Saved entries
• • • •

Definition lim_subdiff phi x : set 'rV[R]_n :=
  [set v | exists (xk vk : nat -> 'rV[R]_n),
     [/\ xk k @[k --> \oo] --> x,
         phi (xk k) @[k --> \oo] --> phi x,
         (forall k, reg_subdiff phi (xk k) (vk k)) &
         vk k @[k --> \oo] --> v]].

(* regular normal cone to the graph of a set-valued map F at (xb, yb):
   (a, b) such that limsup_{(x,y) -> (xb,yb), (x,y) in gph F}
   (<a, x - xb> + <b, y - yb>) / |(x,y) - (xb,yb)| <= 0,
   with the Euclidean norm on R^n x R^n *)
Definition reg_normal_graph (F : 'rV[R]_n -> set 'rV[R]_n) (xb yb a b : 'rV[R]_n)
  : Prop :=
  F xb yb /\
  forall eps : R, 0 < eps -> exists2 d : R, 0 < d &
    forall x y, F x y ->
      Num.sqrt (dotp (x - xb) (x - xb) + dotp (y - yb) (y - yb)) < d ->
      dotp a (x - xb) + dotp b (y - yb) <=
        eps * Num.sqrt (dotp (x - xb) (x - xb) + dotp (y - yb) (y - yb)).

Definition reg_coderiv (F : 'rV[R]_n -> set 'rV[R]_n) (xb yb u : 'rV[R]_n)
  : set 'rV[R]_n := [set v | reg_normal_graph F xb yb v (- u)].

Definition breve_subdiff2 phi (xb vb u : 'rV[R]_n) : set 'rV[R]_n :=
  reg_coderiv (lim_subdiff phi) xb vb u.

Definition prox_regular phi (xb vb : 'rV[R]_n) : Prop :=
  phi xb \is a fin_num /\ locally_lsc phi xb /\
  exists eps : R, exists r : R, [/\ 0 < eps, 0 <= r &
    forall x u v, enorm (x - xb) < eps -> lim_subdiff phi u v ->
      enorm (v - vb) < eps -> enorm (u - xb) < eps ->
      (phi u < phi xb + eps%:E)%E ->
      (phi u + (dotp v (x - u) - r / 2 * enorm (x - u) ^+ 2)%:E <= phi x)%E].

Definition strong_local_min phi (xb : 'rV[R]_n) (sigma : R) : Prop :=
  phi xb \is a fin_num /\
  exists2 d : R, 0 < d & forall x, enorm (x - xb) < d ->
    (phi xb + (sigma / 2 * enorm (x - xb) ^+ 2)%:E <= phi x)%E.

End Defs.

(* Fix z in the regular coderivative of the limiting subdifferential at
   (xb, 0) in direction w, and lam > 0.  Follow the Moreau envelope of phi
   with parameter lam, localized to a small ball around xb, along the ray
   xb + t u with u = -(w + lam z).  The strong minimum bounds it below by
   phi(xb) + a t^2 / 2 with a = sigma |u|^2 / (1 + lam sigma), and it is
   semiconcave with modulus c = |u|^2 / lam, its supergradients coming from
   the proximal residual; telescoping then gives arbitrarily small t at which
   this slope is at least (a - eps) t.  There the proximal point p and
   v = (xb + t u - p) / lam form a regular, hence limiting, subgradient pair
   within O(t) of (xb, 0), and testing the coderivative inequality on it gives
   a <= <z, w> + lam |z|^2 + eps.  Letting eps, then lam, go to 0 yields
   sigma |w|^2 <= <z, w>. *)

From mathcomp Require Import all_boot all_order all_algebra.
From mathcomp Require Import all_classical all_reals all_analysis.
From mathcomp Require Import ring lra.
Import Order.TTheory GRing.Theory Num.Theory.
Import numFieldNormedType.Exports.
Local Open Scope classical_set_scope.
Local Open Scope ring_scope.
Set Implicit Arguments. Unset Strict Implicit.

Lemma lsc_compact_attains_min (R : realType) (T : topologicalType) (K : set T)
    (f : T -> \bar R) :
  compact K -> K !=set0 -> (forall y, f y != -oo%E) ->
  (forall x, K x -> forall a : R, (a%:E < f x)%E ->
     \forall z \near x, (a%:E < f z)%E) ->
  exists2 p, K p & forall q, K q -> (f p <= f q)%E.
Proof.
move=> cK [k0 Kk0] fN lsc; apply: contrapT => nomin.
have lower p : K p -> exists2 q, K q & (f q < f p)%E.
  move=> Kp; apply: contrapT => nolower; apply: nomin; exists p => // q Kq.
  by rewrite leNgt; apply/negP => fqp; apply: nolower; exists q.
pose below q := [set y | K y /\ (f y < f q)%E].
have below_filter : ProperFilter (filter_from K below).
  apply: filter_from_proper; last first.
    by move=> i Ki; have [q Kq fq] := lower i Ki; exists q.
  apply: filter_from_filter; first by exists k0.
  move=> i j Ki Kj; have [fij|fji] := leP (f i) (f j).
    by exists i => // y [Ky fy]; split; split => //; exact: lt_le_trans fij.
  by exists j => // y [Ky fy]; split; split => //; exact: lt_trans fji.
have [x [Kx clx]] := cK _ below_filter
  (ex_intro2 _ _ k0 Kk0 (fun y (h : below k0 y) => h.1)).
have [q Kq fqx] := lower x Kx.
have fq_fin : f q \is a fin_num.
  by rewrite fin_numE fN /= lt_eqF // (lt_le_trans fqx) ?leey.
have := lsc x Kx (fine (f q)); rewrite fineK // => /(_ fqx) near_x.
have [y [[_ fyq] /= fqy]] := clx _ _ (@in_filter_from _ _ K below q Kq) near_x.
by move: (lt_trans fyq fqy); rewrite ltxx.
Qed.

• • • •

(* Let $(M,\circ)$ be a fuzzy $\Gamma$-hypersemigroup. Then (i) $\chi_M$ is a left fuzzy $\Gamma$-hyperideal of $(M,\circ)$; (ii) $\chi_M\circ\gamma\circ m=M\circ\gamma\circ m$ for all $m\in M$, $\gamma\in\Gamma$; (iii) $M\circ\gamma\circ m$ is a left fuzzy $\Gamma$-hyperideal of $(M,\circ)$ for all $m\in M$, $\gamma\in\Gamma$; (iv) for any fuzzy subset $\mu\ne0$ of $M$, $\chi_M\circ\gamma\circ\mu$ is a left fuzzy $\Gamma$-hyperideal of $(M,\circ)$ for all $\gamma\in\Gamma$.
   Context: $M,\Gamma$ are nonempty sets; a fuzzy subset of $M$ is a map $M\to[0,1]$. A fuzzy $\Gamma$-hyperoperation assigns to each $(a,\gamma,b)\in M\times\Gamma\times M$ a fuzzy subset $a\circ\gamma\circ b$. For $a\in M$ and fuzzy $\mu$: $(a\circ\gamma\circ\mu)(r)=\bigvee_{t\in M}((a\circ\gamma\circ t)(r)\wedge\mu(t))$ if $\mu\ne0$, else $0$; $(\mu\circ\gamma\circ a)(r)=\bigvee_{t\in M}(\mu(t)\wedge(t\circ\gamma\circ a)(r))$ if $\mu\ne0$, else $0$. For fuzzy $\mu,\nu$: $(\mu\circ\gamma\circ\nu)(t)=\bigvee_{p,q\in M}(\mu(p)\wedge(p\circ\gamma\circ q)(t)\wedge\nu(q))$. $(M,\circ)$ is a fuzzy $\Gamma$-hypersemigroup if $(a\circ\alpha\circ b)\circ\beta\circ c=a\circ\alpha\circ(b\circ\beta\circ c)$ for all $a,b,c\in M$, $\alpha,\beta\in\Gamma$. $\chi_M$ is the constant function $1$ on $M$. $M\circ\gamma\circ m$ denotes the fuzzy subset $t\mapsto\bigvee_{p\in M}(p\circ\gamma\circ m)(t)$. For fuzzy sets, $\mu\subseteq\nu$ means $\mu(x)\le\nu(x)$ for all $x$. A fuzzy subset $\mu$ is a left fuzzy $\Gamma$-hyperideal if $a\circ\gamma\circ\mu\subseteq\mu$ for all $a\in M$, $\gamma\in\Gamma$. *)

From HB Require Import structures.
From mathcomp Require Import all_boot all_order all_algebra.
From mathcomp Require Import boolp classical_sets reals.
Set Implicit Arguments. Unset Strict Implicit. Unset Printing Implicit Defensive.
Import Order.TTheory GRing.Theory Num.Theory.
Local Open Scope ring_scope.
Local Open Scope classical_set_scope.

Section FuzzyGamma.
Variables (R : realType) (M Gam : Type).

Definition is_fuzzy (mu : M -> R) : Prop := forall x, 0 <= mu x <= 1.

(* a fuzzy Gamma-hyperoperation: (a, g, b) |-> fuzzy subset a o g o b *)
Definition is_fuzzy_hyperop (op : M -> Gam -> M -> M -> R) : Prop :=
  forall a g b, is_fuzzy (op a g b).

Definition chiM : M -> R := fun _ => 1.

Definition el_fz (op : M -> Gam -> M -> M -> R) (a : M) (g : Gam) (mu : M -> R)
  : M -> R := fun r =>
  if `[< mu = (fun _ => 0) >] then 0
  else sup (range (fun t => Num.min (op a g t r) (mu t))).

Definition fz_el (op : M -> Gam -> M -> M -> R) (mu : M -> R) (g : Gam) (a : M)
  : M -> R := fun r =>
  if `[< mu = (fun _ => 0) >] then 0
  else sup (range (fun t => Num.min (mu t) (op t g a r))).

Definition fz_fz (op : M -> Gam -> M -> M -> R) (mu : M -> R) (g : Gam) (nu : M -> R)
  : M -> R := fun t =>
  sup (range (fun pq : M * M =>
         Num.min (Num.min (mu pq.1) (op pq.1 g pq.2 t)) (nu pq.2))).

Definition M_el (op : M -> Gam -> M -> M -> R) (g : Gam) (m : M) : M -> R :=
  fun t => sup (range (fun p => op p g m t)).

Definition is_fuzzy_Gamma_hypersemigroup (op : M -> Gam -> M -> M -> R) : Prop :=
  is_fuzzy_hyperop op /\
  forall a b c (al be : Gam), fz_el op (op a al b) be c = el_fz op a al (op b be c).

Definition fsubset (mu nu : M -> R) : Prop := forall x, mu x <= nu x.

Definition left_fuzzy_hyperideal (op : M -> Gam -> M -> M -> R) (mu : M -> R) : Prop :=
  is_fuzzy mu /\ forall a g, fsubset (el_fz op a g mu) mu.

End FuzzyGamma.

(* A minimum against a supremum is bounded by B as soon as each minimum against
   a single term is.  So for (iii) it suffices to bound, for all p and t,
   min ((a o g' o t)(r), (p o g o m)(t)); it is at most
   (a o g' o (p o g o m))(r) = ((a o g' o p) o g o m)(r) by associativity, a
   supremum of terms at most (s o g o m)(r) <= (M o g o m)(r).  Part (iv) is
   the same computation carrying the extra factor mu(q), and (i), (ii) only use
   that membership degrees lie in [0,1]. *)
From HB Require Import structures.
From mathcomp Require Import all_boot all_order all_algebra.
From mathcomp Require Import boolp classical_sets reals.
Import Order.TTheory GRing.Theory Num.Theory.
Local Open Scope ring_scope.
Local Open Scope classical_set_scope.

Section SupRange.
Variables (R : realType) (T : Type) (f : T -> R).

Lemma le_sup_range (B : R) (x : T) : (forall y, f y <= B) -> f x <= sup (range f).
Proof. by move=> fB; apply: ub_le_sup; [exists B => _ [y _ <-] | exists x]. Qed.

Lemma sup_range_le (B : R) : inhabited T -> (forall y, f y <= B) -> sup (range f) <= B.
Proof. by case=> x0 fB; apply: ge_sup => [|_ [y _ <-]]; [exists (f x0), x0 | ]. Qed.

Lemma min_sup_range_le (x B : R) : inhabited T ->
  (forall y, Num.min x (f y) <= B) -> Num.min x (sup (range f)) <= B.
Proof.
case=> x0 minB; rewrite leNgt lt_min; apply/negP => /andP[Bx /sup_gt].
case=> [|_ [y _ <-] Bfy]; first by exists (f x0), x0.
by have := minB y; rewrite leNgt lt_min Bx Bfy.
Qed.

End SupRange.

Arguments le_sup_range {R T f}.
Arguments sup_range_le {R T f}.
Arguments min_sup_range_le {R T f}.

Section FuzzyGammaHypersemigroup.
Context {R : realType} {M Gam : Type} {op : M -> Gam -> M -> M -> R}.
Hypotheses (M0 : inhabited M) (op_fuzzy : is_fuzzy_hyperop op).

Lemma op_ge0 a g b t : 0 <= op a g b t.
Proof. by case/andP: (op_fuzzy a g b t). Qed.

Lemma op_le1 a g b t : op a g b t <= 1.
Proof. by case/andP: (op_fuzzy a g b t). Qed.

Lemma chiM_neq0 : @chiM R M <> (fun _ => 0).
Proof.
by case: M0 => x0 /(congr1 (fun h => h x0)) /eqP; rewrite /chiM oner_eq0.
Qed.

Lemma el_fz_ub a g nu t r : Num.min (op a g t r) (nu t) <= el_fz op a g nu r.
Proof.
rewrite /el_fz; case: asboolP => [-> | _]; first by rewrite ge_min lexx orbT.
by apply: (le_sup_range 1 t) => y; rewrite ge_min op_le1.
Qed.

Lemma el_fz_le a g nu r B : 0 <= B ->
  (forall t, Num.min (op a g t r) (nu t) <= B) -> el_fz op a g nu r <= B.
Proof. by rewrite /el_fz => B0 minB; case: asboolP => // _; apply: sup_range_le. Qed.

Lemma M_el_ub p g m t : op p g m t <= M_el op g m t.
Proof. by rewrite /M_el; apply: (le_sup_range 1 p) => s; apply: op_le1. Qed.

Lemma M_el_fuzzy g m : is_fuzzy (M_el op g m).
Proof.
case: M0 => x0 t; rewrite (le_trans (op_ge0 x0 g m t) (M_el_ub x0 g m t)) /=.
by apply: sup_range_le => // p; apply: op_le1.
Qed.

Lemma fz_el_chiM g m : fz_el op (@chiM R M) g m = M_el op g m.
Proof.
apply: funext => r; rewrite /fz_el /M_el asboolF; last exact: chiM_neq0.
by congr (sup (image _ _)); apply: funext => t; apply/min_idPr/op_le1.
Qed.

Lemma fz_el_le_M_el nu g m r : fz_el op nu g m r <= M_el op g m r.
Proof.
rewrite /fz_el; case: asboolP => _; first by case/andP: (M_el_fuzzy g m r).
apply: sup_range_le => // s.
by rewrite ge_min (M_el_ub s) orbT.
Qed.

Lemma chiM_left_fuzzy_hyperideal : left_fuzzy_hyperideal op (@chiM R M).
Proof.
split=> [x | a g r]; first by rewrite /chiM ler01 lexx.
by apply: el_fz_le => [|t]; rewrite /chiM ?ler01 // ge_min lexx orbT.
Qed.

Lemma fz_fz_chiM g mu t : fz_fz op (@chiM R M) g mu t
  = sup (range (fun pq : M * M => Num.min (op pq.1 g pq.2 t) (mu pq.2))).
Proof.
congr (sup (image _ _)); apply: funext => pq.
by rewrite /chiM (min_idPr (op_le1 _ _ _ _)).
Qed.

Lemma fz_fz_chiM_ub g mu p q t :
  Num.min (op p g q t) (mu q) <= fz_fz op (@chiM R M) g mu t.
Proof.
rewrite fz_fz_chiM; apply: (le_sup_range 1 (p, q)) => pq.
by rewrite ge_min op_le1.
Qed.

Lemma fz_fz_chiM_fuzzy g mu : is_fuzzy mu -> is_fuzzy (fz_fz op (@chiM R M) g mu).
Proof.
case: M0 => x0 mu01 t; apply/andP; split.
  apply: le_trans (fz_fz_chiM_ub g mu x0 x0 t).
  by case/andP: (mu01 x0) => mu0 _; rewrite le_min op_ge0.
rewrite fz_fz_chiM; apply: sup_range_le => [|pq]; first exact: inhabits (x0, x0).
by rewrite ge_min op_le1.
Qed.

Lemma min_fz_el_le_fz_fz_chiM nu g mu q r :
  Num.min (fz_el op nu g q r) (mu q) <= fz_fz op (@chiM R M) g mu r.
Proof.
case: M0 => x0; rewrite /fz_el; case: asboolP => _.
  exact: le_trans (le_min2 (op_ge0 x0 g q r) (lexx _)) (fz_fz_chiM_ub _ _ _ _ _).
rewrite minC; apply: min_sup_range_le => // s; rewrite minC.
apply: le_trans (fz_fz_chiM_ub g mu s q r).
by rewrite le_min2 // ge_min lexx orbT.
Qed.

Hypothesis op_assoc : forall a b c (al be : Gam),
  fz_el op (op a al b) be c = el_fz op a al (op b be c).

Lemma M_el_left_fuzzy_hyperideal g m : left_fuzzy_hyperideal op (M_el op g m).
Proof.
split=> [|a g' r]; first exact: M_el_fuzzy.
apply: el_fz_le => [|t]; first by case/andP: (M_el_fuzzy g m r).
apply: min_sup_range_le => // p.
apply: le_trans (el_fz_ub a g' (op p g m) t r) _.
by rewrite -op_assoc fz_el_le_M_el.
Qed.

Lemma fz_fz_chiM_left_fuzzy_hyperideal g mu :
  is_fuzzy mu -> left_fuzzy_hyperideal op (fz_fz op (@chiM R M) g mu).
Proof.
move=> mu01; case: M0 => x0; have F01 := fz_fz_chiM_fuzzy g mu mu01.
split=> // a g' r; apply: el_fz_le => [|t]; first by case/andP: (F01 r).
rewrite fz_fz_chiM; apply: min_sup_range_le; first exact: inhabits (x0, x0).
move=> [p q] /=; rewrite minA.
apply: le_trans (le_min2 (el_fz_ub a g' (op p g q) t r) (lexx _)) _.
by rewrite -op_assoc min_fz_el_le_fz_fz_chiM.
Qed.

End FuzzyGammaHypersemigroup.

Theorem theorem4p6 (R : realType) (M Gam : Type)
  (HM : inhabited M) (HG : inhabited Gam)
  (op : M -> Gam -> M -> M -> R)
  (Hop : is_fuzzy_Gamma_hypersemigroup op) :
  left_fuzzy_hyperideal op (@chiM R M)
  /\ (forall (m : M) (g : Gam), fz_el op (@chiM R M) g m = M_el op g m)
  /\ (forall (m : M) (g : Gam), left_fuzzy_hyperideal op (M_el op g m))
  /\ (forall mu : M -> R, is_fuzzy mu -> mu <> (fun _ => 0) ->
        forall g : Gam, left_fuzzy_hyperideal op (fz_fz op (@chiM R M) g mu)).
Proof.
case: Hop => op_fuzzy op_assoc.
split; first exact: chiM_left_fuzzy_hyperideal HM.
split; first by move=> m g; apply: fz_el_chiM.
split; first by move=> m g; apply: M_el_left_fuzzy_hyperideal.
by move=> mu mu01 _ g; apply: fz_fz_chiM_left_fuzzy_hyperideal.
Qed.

• • • •

--- ABOUT THIS EXERCISE ---
Look above for the line with "(* Fix z in" and the line with "have [x [Kx clx]] := cK _ below_filter". Retype those two lines and every line between them exactly, adding nothing.

--- RESULT BELOW ---
(* Fix z in the regular coderivative of the limiting subdifferential at
   (xb, 0) in direction w, and lam > 0.  Follow the Moreau envelope of phi
   with parameter lam, localized to a small ball around xb, along the ray
   xb + t u with u = -(w + lam z).  The strong minimum bounds it below by
   phi(xb) + a t^2 / 2 with a = sigma |u|^2 / (1 + lam sigma), and it is
   semiconcave with modulus c = |u|^2 / lam, its supergradients coming from
   the proximal residual; telescoping then gives arbitrarily small t at which
   this slope is at least (a - eps) t.  There the proximal point p and
   v = (xb + t u - p) / lam form a regular, hence limiting, subgradient pair
   within O(t) of (xb, 0), and testing the coderivative inequality on it gives
   a <= <z, w> + lam |z|^2 + eps.  Letting eps, then lam, go to 0 yields
   sigma |w|^2 <= <z, w>. *)

From mathcomp Require Import all_boot all_order all_algebra.
From mathcomp Require Import all_classical all_reals all_analysis.
From mathcomp Require Import ring lra.
Import Order.TTheory GRing.Theory Num.Theory.
Import numFieldNormedType.Exports.
Local Open Scope classical_set_scope.
Local Open Scope ring_scope.
Set Implicit Arguments. Unset Strict Implicit.

Lemma lsc_compact_attains_min (R : realType) (T : topologicalType) (K : set T)
    (f : T -> \bar R) :
  compact K -> K !=set0 -> (forall y, f y != -oo%E) ->
  (forall x, K x -> forall a : R, (a%:E < f x)%E ->
     \forall z \near x, (a%:E < f z)%E) ->
  exists2 p, K p & forall q, K q -> (f p <= f q)%E.
Proof.
move=> cK [k0 Kk0] fN lsc; apply: contrapT => nomin.
have lower p : K p -> exists2 q, K q & (f q < f p)%E.
  move=> Kp; apply: contrapT => nolower; apply: nomin; exists p => // q Kq.
  by rewrite leNgt; apply/negP => fqp; apply: nolower; exists q.
pose below q := [set y | K y /\ (f y < f q)%E].
have below_filter : ProperFilter (filter_from K below).
  apply: filter_from_proper; last first.
    by move=> i Ki; have [q Kq fq] := lower i Ki; exists q.
  apply: filter_from_filter; first by exists k0.
  move=> i j Ki Kj; have [fij|fji] := leP (f i) (f j).
    by exists i => // y [Ky fy]; split; split => //; exact: lt_le_trans fij.
  by exists j => // y [Ky fy]; split; split => //; exact: lt_trans fji.
have [x [Kx clx]] := cK _ below_filter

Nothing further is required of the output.